*Supplied data*.
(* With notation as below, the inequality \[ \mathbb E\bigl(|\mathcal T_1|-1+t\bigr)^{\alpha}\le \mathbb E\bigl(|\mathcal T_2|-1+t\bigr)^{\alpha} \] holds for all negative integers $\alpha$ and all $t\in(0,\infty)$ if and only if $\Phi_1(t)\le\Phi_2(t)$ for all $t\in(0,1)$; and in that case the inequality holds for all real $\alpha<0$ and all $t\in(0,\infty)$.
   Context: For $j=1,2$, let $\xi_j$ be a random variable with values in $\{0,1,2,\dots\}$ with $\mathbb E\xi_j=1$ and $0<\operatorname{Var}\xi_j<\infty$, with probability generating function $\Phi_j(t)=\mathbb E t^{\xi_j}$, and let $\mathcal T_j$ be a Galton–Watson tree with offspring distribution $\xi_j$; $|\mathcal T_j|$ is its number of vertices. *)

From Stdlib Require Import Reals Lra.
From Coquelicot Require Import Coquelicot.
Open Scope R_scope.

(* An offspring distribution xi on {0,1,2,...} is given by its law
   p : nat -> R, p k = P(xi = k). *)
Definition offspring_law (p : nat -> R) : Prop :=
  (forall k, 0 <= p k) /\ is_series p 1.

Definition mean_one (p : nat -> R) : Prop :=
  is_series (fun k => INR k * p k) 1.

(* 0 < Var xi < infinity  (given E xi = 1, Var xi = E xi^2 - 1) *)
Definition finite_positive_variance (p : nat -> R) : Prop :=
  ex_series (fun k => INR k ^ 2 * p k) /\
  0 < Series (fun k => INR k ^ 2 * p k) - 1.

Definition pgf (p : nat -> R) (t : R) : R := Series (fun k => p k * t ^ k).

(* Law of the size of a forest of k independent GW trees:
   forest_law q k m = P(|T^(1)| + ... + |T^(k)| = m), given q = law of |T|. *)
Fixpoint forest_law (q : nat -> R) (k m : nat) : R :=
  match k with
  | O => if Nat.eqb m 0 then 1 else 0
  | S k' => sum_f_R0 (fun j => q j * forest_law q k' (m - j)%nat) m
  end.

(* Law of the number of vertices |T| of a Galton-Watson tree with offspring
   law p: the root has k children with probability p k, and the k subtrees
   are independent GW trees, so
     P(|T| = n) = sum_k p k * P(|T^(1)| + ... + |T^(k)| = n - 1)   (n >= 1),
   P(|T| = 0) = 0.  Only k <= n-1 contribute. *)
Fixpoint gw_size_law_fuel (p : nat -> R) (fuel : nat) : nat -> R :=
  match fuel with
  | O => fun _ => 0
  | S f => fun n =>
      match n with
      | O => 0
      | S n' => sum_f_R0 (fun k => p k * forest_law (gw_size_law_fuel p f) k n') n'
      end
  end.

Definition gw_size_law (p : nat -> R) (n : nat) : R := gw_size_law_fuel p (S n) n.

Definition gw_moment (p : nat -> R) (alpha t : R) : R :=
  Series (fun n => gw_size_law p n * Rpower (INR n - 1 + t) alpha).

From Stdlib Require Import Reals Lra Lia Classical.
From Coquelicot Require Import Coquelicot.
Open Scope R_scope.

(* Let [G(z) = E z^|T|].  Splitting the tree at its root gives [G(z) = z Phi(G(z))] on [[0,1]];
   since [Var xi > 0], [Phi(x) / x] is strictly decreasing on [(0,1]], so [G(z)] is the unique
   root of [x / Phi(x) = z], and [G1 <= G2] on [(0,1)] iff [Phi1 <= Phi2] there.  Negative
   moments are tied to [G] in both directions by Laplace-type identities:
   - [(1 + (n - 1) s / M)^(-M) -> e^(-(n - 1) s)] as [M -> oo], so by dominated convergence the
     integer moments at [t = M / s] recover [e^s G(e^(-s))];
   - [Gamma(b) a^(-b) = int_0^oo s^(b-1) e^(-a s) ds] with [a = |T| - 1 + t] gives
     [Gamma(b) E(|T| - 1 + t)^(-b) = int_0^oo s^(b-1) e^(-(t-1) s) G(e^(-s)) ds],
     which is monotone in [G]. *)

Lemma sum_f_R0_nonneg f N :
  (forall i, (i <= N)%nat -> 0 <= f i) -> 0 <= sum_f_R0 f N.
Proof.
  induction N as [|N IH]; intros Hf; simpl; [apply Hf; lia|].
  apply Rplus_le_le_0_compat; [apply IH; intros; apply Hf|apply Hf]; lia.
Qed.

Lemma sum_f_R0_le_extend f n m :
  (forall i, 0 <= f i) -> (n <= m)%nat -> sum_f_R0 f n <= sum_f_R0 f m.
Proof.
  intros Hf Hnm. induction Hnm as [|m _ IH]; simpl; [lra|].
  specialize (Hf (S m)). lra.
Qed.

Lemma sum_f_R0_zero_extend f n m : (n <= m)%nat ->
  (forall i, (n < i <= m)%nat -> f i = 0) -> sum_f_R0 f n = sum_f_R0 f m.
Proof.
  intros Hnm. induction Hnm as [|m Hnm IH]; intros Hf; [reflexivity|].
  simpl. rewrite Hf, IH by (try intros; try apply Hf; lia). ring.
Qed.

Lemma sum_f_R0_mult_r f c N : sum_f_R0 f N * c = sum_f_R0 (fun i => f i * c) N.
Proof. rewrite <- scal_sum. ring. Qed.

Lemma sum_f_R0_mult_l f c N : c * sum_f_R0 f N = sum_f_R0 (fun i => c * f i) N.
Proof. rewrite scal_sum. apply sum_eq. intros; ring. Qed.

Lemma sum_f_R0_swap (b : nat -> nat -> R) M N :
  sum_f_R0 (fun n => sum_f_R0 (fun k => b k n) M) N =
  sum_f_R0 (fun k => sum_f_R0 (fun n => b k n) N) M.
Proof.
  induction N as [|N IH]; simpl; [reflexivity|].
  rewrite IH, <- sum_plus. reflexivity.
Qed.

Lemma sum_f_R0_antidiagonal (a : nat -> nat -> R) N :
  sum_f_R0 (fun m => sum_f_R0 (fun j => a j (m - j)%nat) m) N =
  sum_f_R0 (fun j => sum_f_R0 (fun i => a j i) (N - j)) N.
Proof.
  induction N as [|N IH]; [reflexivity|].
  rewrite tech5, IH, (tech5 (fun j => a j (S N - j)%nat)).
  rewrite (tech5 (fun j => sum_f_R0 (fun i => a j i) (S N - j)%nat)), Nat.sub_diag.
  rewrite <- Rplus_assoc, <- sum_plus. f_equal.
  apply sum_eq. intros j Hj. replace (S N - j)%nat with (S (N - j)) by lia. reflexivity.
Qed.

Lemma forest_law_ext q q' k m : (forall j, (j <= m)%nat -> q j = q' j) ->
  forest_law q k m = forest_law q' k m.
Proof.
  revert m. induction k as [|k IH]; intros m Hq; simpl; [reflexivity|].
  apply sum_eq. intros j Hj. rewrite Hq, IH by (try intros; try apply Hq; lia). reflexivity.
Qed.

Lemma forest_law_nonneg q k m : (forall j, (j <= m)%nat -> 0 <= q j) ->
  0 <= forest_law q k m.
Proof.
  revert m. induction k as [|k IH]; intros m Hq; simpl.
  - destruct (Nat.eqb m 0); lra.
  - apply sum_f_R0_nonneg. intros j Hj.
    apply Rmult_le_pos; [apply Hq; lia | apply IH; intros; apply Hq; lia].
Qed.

*What you are asked to do*. Word for word, copy the listing above in its entirety.

*Expected answer*.
(* With notation as below, the inequality \[ \mathbb E\bigl(|\mathcal T_1|-1+t\bigr)^{\alpha}\le \mathbb E\bigl(|\mathcal T_2|-1+t\bigr)^{\alpha} \] holds for all negative integers $\alpha$ and all $t\in(0,\infty)$ if and only if $\Phi_1(t)\le\Phi_2(t)$ for all $t\in(0,1)$; and in that case the inequality holds for all real $\alpha<0$ and all $t\in(0,\infty)$.
   Context: For $j=1,2$, let $\xi_j$ be a random variable with values in $\{0,1,2,\dots\}$ with $\mathbb E\xi_j=1$ and $0<\operatorname{Var}\xi_j<\infty$, with probability generating function $\Phi_j(t)=\mathbb E t^{\xi_j}$, and let $\mathcal T_j$ be a Galton–Watson tree with offspring distribution $\xi_j$; $|\mathcal T_j|$ is its number of vertices. *)

From Stdlib Require Import Reals Lra.
From Coquelicot Require Import Coquelicot.
Open Scope R_scope.

(* An offspring distribution xi on {0,1,2,...} is given by its law
   p : nat -> R, p k = P(xi = k). *)
Definition offspring_law (p : nat -> R) : Prop :=
  (forall k, 0 <= p k) /\ is_series p 1.

Definition mean_one (p : nat -> R) : Prop :=
  is_series (fun k => INR k * p k) 1.

(* 0 < Var xi < infinity  (given E xi = 1, Var xi = E xi^2 - 1) *)
Definition finite_positive_variance (p : nat -> R) : Prop :=
  ex_series (fun k => INR k ^ 2 * p k) /\
  0 < Series (fun k => INR k ^ 2 * p k) - 1.

Definition pgf (p : nat -> R) (t : R) : R := Series (fun k => p k * t ^ k).

(* Law of the size of a forest of k independent GW trees:
   forest_law q k m = P(|T^(1)| + ... + |T^(k)| = m), given q = law of |T|. *)
Fixpoint forest_law (q : nat -> R) (k m : nat) : R :=
  match k with
  | O => if Nat.eqb m 0 then 1 else 0
  | S k' => sum_f_R0 (fun j => q j * forest_law q k' (m - j)%nat) m
  end.

(* Law of the number of vertices |T| of a Galton-Watson tree with offspring
   law p: the root has k children with probability p k, and the k subtrees
   are independent GW trees, so
     P(|T| = n) = sum_k p k * P(|T^(1)| + ... + |T^(k)| = n - 1)   (n >= 1),
   P(|T| = 0) = 0.  Only k <= n-1 contribute. *)
Fixpoint gw_size_law_fuel (p : nat -> R) (fuel : nat) : nat -> R :=
  match fuel with
  | O => fun _ => 0
  | S f => fun n =>
      match n with
      | O => 0
      | S n' => sum_f_R0 (fun k => p k * forest_law (gw_size_law_fuel p f) k n') n'
      end
  end.

Definition gw_size_law (p : nat -> R) (n : nat) : R := gw_size_law_fuel p (S n) n.

Definition gw_moment (p : nat -> R) (alpha t : R) : R :=
  Series (fun n => gw_size_law p n * Rpower (INR n - 1 + t) alpha).

From Stdlib Require Import Reals Lra Lia Classical.
From Coquelicot Require Import Coquelicot.
Open Scope R_scope.

(* Let [G(z) = E z^|T|].  Splitting the tree at its root gives [G(z) = z Phi(G(z))] on [[0,1]];
   since [Var xi > 0], [Phi(x) / x] is strictly decreasing on [(0,1]], so [G(z)] is the unique
   root of [x / Phi(x) = z], and [G1 <= G2] on [(0,1)] iff [Phi1 <= Phi2] there.  Negative
   moments are tied to [G] in both directions by Laplace-type identities:
   - [(1 + (n - 1) s / M)^(-M) -> e^(-(n - 1) s)] as [M -> oo], so by dominated convergence the
     integer moments at [t = M / s] recover [e^s G(e^(-s))];
   - [Gamma(b) a^(-b) = int_0^oo s^(b-1) e^(-a s) ds] with [a = |T| - 1 + t] gives
     [Gamma(b) E(|T| - 1 + t)^(-b) = int_0^oo s^(b-1) e^(-(t-1) s) G(e^(-s)) ds],
     which is monotone in [G]. *)

Lemma sum_f_R0_nonneg f N :
  (forall i, (i <= N)%nat -> 0 <= f i) -> 0 <= sum_f_R0 f N.
Proof.
  induction N as [|N IH]; intros Hf; simpl; [apply Hf; lia|].
  apply Rplus_le_le_0_compat; [apply IH; intros; apply Hf|apply Hf]; lia.
Qed.

Lemma sum_f_R0_le_extend f n m :
  (forall i, 0 <= f i) -> (n <= m)%nat -> sum_f_R0 f n <= sum_f_R0 f m.
Proof.
  intros Hf Hnm. induction Hnm as [|m _ IH]; simpl; [lra|].
  specialize (Hf (S m)). lra.
Qed.

Lemma sum_f_R0_zero_extend f n m : (n <= m)%nat ->
  (forall i, (n < i <= m)%nat -> f i = 0) -> sum_f_R0 f n = sum_f_R0 f m.
Proof.
  intros Hnm. induction Hnm as [|m Hnm IH]; intros Hf; [reflexivity|].
  simpl. rewrite Hf, IH by (try intros; try apply Hf; lia). ring.
Qed.

Lemma sum_f_R0_mult_r f c N : sum_f_R0 f N * c = sum_f_R0 (fun i => f i * c) N.
Proof. rewrite <- scal_sum. ring. Qed.

Lemma sum_f_R0_mult_l f c N : c * sum_f_R0 f N = sum_f_R0 (fun i => c * f i) N.
Proof. rewrite scal_sum. apply sum_eq. intros; ring. Qed.

Lemma sum_f_R0_swap (b : nat -> nat -> R) M N :
  sum_f_R0 (fun n => sum_f_R0 (fun k => b k n) M) N =
  sum_f_R0 (fun k => sum_f_R0 (fun n => b k n) N) M.
Proof.
  induction N as [|N IH]; simpl; [reflexivity|].
  rewrite IH, <- sum_plus. reflexivity.
Qed.

Lemma sum_f_R0_antidiagonal (a : nat -> nat -> R) N :
  sum_f_R0 (fun m => sum_f_R0 (fun j => a j (m - j)%nat) m) N =
  sum_f_R0 (fun j => sum_f_R0 (fun i => a j i) (N - j)) N.
Proof.
  induction N as [|N IH]; [reflexivity|].
  rewrite tech5, IH, (tech5 (fun j => a j (S N - j)%nat)).
  rewrite (tech5 (fun j => sum_f_R0 (fun i => a j i) (S N - j)%nat)), Nat.sub_diag.
  rewrite <- Rplus_assoc, <- sum_plus. f_equal.
  apply sum_eq. intros j Hj. replace (S N - j)%nat with (S (N - j)) by lia. reflexivity.
Qed.

Lemma forest_law_ext q q' k m : (forall j, (j <= m)%nat -> q j = q' j) ->
  forest_law q k m = forest_law q' k m.
Proof.
  revert m. induction k as [|k IH]; intros m Hq; simpl; [reflexivity|].
  apply sum_eq. intros j Hj. rewrite Hq, IH by (try intros; try apply Hq; lia). reflexivity.
Qed.

Lemma forest_law_nonneg q k m : (forall j, (j <= m)%nat -> 0 <= q j) ->
  0 <= forest_law q k m.
Proof.
  revert m. induction k as [|k IH]; intros m Hq; simpl.
  - destruct (Nat.eqb m 0); lra.
  - apply sum_f_R0_nonneg. intros j Hj.
    apply Rmult_le_pos; [apply Hq; lia | apply IH; intros; apply Hq; lia].
Qed.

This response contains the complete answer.